1. A memory device, comprising:

a first memory block and a second memory block; and

the controller is coupled to the first memory block and the second memory block, and when a first erasing operation of the first memory is performed and a second erasing requirement of the second memory is set, the controller determines whether to reset or suspend the first erasing operation, and executes the second erasing operation for the second memory block according to the second erasing requirement.

2. The memory device of claim 1, wherein the controller determines whether to reset or suspend the first erase operation based on a completion of the execution of the first erase operation.

3. The memory device of claim 2, wherein the controller measures an already running time of the first erase operation, calculates a required running time based on an expected completion time and the already running time, and decides whether to reset or suspend the first erase operation based on the required running time and the expected completion time.

4. The storage device of claim 3, wherein the controller subtracts the run time from the required run time to produce the required run time.

5. The memory device of claim 3, wherein the controller resets or pauses the first erase operation when a ratio of the required run time to the expected completion time is greater than a threshold.

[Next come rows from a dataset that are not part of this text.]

(* Let $m,k$ be positive integers with $m\ge4$ and $m>k+2$. For $z\in\mathbb{F}_{2^k}$ define $f^{(z)}:\mathbb{F}_{2^m}\times\mathbb{F}_{2^m}\to\mathbb{F}_2$ by $f^{(z)}(x_1,x_2)={\rm Tr}_1^m(x_1x_2^{2^m-2})$ if ${\rm Tr}_1^k(z)=0$ and $f^{(z)}(x_1,x_2)={\rm Tr}_1^m(x_2x_1^{2^m-2})$ if ${\rm Tr}_1^k(z)=1$. Then $f:\mathbb{F}_{2^m}\times\mathbb{F}_{2^m}\times\mathbb{F}_{2^k}\times\mathbb{F}_{2^k}\to\mathbb{F}_2$, $f(x_1,x_2,y,z)=f^{(z)}(x_1,x_2)+{\rm Tr}_1^k(yz)$, is a GMM function which is not in the class $MM^{\#}$.
   Context: ${\rm Tr}_a^b$ denotes the trace from $\mathbb{F}_{2^b}$ to $\mathbb{F}_{2^a}$. A GMM (generalized Maiorana–McFarland) function is one of the form $f(x,y,z)=f^{(z)}(x)+{\rm Tr}_1^k(yz)$ on $W\times\mathbb{F}_{2^k}\times\mathbb{F}_{2^k}$ with every $f^{(z)}$ bent on $W$. Two Boolean functions $f,g$ on an $\mathbb{F}_2$-space $X$ are EA-equivalent if $g(x)=f(L(x)+a)+\langle c,x\rangle+b$ with $L$ a linear permutation of $X$, $a,c\in X$, $b\in\mathbb{F}_2$. The Maiorana–McFarland class on $\mathbb{F}_{2^N}\times\mathbb{F}_{2^N}$ consists of functions ${\rm Tr}_1^N(x\pi(y))+g(y)$ with $\pi$ a permutation of $\mathbb{F}_{2^N}$ and $g$ arbitrary; $MM^{\#}$ is the set of Boolean functions on a $2N$-dimensional $\mathbb{F}_2$-space EA-equivalent (after a linear identification with $\mathbb{F}_{2^N}^2$) to such a function. *)

From HB Require Import structures.
From mathcomp Require Import all_boot all_order all_algebra all_fingroup all_field.
Set Implicit Arguments. Unset Strict Implicit. Unset Printing Implicit Defensive.
Import GRing.Theory.
Local Open Scope ring_scope.

Definition tr (F : finFieldType) (n : nat) (x : F) : F := \sum_(i < n) x ^+ (2 ^ i).

(* Tr_1^n as a Boolean (F_2-valued) function: true <-> Tr = 1 (Tr takes values in {0,1}). *)
Definition trb (F : finFieldType) (n : nat) (x : F) : bool := tr n x == 1.

Definition walsh (F : finFieldType) (m : nat) (h : F * F -> bool) (a : F * F) : int :=
  \sum_(x : F * F) (-1) ^+ (h x (+) trb m (a.1 * x.1 + a.2 * x.2)).

Definition bent (F : finFieldType) (m : nat) (h : F * F -> bool) : Prop :=
  forall a : F * F, (walsh m h a) ^+ 2 = (#|F| ^ 2)%:Z.

Definition isGMM (F K : finFieldType) (m k : nat) (f : F * F * K * K -> bool) : Prop :=
  exists g : K -> (F * F -> bool),
    (forall z, bent m (g z)) /\
    (forall x y z, f (x, y, z) = g z x (+) trb k (y * z)).

(* F_2-linear maps between F_2-spaces (char 2 zmodTypes): additive maps. *)
Definition F2linear (U V : zmodType) (L : U -> V) : Prop :=
  forall u v, L (u + v) = L u + L v.

Definition F2functional (U : zmodType) (l : U -> bool) : Prop :=
  forall u v, l (u + v) = l u (+) l v.

Definition mmfun (L : finFieldType) (N : nat) (pi : {perm L}) (g : L -> bool)
  (w : L * L) : bool := trb N (w.1 * pi w.2) (+) g w.2.

(* MM^#: f on the F_2-space V of dimension 2N is EA-equivalent, after a linear
   identification V ~ F_{2^N}^2, to a Maiorana-McFarland function. *)
Definition MMsharp (V : zmodType) (N : nat) (f : V -> bool) : Prop :=
  exists (L : finFieldType), #|L| = (2 ^ N)%N /\
  exists (Lam : V -> L * L) (a : V) (l : V -> bool) (b : bool)
         (pi : {perm L}) (g : L -> bool),
    F2linear Lam /\ bijective Lam /\ F2functional l /\
    forall v, f v = mmfun N pi g (Lam (v + a)) (+) l v (+) b.

Definition fz (F K : finFieldType) (m k : nat) (z : K) (x : F * F) : bool :=
  if trb k z then trb m (x.2 * x.1 ^+ (2 ^ m - 2))
  else trb m (x.1 * x.2 ^+ (2 ^ m - 2)).

Definition fcor (F K : finFieldType) (m k : nat) (v : F * F * K * K) : bool :=
  let: (x, y, z) := v in fz (F := F) m k z x (+) trb k (y * z).

From HB Require Import structures.
From mathcomp Require Import all_boot all_order all_algebra all_fingroup all_field.
From mathcomp Require Import ring zify.
Set Implicit Arguments. Unset Strict Implicit. Unset Printing Implicit Defensive.
Import GRing.Theory Num.Theory.
Local Open Scope ring_scope.

(* Since x^(2^m-2) = x^-1, each f^(z) is Tr(x1/x2) up to swapping x1 and x2, and the Walsh
   transform of Tr(x1/x2) at (a1,a2) is +-2^m; so f is GMM.  If f were in MM#, there would be
   an additive injection of F_(2^(m+k)) into the domain along whose image all second
   derivatives D_a D_c f vanish.  For directions a, c with zero z-coordinate, D_a D_c f is
   D_a D_c f^(z); taking Tr(z) = 0, resp. Tr(z) = 1, this forces the second difference of
   t |-> t^-1 at the second, resp. first, x-coordinates of a and c to vanish, which in a field
   with more than 4 elements happens only if one of them is 0 or they are equal.  Hence on the
   kernel of the z-projection both x-coordinates take at most two values, the kernel has at
   most 4 * 2^k elements, the image at most 2^(2k+2), and m + k <= 2k + 2 contradicts m > k + 2. *)

Section Trace.
Variables (F : finFieldType) (n : nat).
Hypothesis cardF : #|F| = (2 ^ n)%N.

Lemma pchar2F : (2 \in [pchar F])%N.
Proof. exact: card_finPcharP cardF _. Qed.

Lemma frobD i (x y : F) : (x + y) ^+ (2 ^ i) = x ^+ (2 ^ i) + y ^+ (2 ^ i).
Proof. by rewrite exprDn_pchar // pnatX (pnatE _ (isT : prime 2)) pchar2F. Qed.

Lemma trD (x y : F) : tr n (x + y) = tr n x + tr n y.
Proof. by rewrite /tr -big_split; apply: eq_bigr => i _; rewrite frobD. Qed.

6. The memory device of claim 3, wherein the controller resets or pauses the first erase operation when the difference between the expected completion time and the required run time is less than a threshold.

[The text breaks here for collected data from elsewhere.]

(* Let $\mathbb F$ be any field, $n\ge k>1$, and let $\mathcal K\subseteq M_{n\times k}(\mathbb F)$ be a linear variety with $\operatorname{codim}(\mathcal K)=k$ such that $\det_{n,k}(X)=0$ for all $X\in\mathcal K$. Let $B^*\subseteq[n]\times[k]$ be a cobasis of $\mathcal M(\mathcal K)$. If there is $1\le j'\le k$ with $B^*\cap([n]\times\{j'\})=\varnothing$, then $|B^*\cap(\{i\}\times[k])|\le 1$ for all $1\le i\le n$.
   Context: A linear variety is a nonempty set $\mathbf s+V$ with $V$ a linear subspace (uniquely determined); codimension is ambient dimension minus $\dim V$. Identify $M_{n\times k}(\mathbb F)$ with $\mathbb F^{[n]\times[k]}$, $(i,j)$ indexing row $i$, column $j$. Matroid $\mathcal M(\mathcal K)$ of $\mathcal K=\mathbf s+V\subseteq\mathbb F^E$: the matroid on $E$ with rank function $r(S)=\dim\operatorname{span}\{x_e|_V:e\in S\}$, $x_e$ the coordinate functionals. A cobasis is the complement of a basis (maximal independent set). Cullis' determinant: $\det_{n,k}(X)=\sum_{c}\operatorname{sgn}(c)\det(X[c|))$, sum over $k$-subsets $c=\{c(1)<\dots<c(k)\}$ of $[n]$, $X[c|)$ the submatrix of rows in $c$, $\operatorname{sgn}(c)=(-1)^{\sum_\alpha(c(\alpha)-\alpha)}$. *)

From HB Require Import structures.
From mathcomp Require Import all_boot all_order all_algebra.
Set Implicit Arguments. Unset Strict Implicit. Unset Printing Implicit Defensive.
Import GRing.Theory.
Local Open Scope ring_scope.

(* Cullis' determinant.  A k-subset c = {c(1) < ... < c(k)} of [n] is encoded
   by the strictly increasing map alpha |-> c(alpha) : 'I_k -> 'I_n (0-based). *)
Definition incr_map (n k : nat) (f : {ffun 'I_k -> 'I_n}) : bool :=
  [forall a : 'I_k, forall b : 'I_k, (a < b)%N ==> (f a < f b)%N].

Definition cullis_sgn (F : fieldType) (n k : nat) (f : {ffun 'I_k -> 'I_n}) : F :=
  (-1) ^+ (\sum_(a < k) (f a - a))%N.

Definition cullis_det (F : fieldType) (n k : nat) (X : 'M[F]_(n, k)) : F :=
  \sum_(f : {ffun 'I_k -> 'I_n} | incr_map f)
     cullis_sgn F f * \det (\matrix_(a < k, j < k) X (f a) j).

(* Matroid M(K) of K = s + V on E = [n] x [k]: S is independent iff the
   restrictions to V of the coordinate functionals x_e (e in S) are
   linearly independent. *)
Definition mx_indep (F : fieldType) (n k : nat) (V : {vspace 'M[F]_(n, k)})
    (S : {set 'I_n * 'I_k}) : Prop :=
  forall c : 'I_n * 'I_k -> F,
    (forall X, X \in V -> \sum_(e in S) c e * X e.1 e.2 = 0) ->
    forall e, e \in S -> c e = 0.

Definition mx_basis (F : fieldType) (n k : nat) (V : {vspace 'M[F]_(n, k)})
    (B : {set 'I_n * 'I_k}) : Prop :=
  mx_indep V B /\ forall T : {set 'I_n * 'I_k}, B \proper T -> ~ mx_indep V T.

Definition mx_cobasis (F : fieldType) (n k : nat) (V : {vspace 'M[F]_(n, k)})
    (Bs : {set 'I_n * 'I_k}) : Prop :=
  exists B, mx_basis V B /\ Bs = ~: B.

(* Suppose row i carries two cells of the cobasis B*.  A basis has at least
   dim V cells, so B* has at most k cells.  Greedily pair the columns with
   distinct rows, starting with the free column j' paired with row i, so that
   every cell of B* lies in the row of a column paired earlier.  A column
   whose B*-cells all lie in used rows always exists: each new row is chosen
   to cover a still uncovered B*-cell (if any) and row i covers two, so the
   uncovered cells plus the used columns stay fewer than k.  Any matrix
   that has the 0/1 pattern of this pairing off B* is the selection matrix
   times a unitriangular matrix, hence has nonzero Cullis determinant; and
   since coordinates on a basis are free on V, K contains such a matrix. *)

From HB Require Import structures.
From mathcomp Require Import all_boot all_order all_algebra.
From mathcomp Require Import all_fingroup zify.
Set Implicit Arguments. Unset Strict Implicit. Unset Printing Implicit Defensive.
Import GRing.Theory.
Local Open Scope ring_scope.

Lemma det_weight_unitrig (F : fieldType) (k : nat) (E : 'M[F]_k) (w : 'I_k -> nat) :
  (forall i, E i i = 1) ->
  (forall i j, i != j -> E i j != 0 -> (w i < w j)%N) -> \det E = 1.
Proof.
move=> E1 Ew; rewrite /determinant (bigD1 1%g) //= [X in _ + X]big1 ?addr0.
  by rewrite odd_perm1 expr0 mul1r big1 // => i _; rewrite perm1 E1.
move=> s s1; have [i0 si0] : exists i, s i != i.
  apply/existsP; apply: contraR s1 => /existsPn fixs.
  by apply/eqP/permP => i; rewrite perm1; apply/eqP/negPn/fixs.
(* a displaced index of maximal weight is mapped to an entry that must vanish *)
have [i si imax] := @arg_maxnP _ i0 (fun i => s i != i) w si0.
rewrite (bigD1 i) //= [E i (s i)](_ : _ = 0) ?mul0r ?mulr0 //.
apply/eqP; apply: contraT => Eis.
have /imax : s (s i) != s i by rewrite (inj_eq perm_inj).
by rewrite /= leqNgt Ew // eq_sym.
Qed.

7. The memory device of claim 3 wherein the controller further counts a time required for a third erase operation of the first memory and updates the expected completion time based on the time required.

8. The memory device of claim 1, wherein the controller stores first command information for the first erase operation in a command queue when the first erase operation is reset or paused.

9. The memory device of claim 8, wherein the controller reads the first command information in the command queue and re-executes the first erase operation according to the first command information after the second erase operation is completed.

10. The memory device of claim 1, wherein the controller further counts a required time when the first erase operation of the first memory is reset or paused.

11. The storage device of claim 1, wherein the controller comprises:

a time calculator for calculating an expected completion time of the first erase operation of the first memory block and a required time when reset or suspended;

a control signal generator coupled to the first memory block and the second memory block for providing control signals for access operations of the first memory block and the second memory block; and

and a command queue for storing at least command information.

12. The storage device of claim 11, further comprising:

the processor is arranged in the controller or hung outside the controller.

13. The storage device of claim 1, further comprising:

the first counter and the second counter correspond to the first memory block and the second memory block respectively.

14. The storage device of claim 1, wherein the memory is configured to store the data,

when a power-off signal is received, the controller records the current erasing position of the first memory block;

when the complex electric signal is received, the controller restarts the first erasing action of the first memory block according to the current erasing position.